───── The data ─────

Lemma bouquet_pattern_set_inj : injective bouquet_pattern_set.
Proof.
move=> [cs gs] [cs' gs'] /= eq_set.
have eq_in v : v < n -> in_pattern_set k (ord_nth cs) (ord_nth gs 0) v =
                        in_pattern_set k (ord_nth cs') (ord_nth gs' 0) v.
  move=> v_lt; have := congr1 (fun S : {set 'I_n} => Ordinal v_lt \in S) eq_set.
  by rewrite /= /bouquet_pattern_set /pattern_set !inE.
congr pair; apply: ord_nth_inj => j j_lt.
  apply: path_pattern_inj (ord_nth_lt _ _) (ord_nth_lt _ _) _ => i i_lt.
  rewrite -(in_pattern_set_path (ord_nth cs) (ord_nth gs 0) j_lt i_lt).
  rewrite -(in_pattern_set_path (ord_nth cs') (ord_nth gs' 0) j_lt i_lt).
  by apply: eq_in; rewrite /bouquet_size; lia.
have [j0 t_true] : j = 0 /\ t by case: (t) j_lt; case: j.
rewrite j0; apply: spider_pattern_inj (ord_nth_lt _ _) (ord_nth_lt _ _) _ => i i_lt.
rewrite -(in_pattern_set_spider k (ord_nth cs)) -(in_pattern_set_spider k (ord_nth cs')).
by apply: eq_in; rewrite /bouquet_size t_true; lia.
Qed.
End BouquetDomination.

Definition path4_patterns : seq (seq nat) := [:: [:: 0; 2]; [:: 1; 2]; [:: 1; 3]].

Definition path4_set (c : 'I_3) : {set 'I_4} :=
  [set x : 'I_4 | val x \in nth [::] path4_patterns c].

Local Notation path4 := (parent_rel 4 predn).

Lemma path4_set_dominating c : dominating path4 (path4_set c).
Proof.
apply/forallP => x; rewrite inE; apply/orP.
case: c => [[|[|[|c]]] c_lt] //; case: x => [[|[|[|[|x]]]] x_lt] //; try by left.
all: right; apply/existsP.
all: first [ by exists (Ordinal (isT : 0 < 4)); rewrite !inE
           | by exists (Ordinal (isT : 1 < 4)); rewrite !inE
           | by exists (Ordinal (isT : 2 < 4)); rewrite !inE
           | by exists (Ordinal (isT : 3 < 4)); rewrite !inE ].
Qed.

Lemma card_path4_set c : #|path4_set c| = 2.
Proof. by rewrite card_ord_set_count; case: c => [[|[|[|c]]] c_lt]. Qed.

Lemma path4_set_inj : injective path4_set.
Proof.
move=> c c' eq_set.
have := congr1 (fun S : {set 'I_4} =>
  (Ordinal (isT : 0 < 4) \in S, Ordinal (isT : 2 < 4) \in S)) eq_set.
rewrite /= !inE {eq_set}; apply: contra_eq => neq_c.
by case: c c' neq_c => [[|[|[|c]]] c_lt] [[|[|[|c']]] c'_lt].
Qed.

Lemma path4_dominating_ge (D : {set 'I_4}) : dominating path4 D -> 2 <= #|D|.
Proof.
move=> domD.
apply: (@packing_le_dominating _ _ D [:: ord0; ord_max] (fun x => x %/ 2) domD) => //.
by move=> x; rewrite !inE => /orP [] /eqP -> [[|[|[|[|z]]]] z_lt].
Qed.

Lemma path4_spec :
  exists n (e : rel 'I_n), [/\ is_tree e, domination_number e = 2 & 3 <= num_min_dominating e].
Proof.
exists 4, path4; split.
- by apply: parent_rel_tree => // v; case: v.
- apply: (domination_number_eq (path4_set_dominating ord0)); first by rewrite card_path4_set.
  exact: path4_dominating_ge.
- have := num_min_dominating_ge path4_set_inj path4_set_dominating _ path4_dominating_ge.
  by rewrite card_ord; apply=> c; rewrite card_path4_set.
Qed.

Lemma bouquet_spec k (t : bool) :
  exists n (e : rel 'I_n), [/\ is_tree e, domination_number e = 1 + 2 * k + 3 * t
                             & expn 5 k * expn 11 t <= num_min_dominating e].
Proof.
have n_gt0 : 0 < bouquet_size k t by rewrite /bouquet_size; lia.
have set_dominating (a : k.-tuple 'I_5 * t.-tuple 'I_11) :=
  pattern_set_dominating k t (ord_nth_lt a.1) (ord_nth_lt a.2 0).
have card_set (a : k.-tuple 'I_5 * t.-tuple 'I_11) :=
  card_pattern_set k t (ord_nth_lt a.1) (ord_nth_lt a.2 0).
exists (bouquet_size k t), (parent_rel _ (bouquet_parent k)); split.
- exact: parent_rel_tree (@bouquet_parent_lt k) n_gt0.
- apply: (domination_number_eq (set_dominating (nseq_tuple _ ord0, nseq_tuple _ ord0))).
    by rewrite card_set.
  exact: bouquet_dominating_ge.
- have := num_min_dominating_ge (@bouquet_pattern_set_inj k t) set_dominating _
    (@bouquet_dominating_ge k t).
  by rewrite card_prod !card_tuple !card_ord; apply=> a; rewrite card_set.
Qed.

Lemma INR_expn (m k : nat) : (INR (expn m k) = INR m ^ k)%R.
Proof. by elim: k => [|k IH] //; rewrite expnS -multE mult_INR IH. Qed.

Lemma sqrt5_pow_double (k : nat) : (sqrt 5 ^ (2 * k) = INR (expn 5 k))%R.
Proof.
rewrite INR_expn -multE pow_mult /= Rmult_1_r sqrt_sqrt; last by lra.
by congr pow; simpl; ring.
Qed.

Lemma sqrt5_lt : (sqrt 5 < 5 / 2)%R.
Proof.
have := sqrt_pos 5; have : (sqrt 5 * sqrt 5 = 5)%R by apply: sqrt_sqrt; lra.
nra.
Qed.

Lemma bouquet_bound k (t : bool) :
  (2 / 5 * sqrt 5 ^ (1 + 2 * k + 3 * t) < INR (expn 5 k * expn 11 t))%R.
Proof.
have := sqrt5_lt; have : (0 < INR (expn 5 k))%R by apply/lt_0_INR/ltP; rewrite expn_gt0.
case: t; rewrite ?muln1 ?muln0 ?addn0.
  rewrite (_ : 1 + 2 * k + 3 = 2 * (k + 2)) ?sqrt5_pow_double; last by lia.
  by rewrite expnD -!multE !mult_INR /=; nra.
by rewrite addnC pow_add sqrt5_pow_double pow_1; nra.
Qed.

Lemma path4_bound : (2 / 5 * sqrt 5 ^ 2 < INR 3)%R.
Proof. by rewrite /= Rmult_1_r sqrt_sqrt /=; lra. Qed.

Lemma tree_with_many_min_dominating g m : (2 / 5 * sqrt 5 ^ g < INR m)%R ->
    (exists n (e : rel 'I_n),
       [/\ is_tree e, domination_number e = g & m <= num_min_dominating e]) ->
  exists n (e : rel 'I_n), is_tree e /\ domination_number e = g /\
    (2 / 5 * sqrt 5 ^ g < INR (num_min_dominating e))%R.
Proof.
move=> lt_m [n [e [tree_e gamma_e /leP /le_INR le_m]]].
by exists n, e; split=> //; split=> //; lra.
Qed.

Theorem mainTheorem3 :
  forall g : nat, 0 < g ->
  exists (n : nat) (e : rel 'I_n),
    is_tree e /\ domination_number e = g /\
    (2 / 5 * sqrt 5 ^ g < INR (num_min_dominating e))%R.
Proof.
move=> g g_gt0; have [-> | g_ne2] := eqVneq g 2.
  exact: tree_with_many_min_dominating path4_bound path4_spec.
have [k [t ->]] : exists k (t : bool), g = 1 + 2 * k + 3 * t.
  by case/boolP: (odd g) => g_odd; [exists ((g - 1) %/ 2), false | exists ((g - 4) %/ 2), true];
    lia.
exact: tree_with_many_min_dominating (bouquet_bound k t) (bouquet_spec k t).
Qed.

─────
───── The data ─────

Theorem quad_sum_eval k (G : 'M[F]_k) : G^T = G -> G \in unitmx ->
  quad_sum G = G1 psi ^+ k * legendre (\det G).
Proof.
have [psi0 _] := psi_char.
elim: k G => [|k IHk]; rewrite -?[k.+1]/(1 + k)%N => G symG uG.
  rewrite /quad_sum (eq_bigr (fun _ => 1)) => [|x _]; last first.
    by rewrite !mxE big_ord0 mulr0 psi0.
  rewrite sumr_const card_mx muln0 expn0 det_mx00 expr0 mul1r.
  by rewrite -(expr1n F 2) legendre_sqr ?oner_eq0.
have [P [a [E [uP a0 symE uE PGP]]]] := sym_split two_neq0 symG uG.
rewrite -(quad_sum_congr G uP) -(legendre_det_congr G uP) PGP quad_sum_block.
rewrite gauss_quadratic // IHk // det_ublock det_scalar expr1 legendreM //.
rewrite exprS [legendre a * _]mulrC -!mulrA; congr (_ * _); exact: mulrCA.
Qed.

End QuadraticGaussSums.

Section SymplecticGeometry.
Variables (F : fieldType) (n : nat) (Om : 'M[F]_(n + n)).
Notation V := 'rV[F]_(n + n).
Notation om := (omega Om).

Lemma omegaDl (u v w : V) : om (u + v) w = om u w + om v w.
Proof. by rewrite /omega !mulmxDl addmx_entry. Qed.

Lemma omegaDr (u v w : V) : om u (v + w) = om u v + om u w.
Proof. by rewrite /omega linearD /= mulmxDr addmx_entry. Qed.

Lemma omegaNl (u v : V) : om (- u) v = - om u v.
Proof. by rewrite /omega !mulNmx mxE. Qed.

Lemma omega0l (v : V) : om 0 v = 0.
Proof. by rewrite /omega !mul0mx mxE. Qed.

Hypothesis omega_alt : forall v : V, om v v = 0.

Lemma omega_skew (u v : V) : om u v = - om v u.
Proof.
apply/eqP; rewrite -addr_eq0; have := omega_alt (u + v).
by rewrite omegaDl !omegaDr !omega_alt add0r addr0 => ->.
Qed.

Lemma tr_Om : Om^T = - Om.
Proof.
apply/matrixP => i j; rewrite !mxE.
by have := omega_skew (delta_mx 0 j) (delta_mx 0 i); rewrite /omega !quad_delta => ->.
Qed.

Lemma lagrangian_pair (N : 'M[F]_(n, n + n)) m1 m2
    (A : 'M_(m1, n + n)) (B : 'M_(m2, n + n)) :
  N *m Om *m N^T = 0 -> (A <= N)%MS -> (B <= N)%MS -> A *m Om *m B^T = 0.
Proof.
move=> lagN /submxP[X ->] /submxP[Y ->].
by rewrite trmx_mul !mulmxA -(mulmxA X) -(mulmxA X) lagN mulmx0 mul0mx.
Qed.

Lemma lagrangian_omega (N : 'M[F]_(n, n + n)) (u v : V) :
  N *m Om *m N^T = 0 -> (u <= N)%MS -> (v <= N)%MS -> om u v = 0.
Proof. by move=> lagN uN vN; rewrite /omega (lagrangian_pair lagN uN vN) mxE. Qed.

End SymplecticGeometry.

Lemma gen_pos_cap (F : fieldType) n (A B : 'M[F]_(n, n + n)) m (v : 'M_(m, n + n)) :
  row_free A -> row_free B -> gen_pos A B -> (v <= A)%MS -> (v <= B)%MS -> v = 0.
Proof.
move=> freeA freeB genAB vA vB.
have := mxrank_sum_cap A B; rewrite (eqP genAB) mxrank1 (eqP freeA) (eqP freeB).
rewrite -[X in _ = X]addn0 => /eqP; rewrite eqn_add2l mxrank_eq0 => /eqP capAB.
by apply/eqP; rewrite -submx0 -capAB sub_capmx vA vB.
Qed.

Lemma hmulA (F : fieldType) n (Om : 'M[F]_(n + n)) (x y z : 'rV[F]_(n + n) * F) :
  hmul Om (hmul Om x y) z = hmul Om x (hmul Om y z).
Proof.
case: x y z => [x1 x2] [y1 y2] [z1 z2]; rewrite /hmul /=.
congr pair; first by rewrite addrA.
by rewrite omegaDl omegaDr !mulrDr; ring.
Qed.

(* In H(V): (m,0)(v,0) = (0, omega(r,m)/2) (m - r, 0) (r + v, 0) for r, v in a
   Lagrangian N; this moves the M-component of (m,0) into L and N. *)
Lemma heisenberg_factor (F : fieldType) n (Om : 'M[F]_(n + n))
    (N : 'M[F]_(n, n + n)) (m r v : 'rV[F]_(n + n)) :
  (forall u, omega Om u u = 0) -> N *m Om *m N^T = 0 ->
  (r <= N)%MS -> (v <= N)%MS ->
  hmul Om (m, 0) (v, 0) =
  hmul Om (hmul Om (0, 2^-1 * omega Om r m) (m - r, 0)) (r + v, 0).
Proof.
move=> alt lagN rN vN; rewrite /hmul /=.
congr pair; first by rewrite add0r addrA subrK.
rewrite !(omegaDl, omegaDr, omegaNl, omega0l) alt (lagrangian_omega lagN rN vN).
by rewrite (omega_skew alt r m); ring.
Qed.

─────

Description of the task
All lines in the listing above with the string "lagN" should be returned.

Result of this exercise
move=> lagN /submxP[X ->] /submxP[Y ->].
by rewrite trmx_mul !mulmxA -(mulmxA X) -(mulmxA X) lagN mulmx0 mul0mx.
Proof. by move=> lagN uN vN; rewrite /omega (lagrangian_pair lagN uN vN) mxE. Qed.
move=> alt lagN rN vN; rewrite /hmul /=.
rewrite !(omegaDl, omegaDr, omegaNl, omega0l) alt (lagrangian_omega lagN rN vN).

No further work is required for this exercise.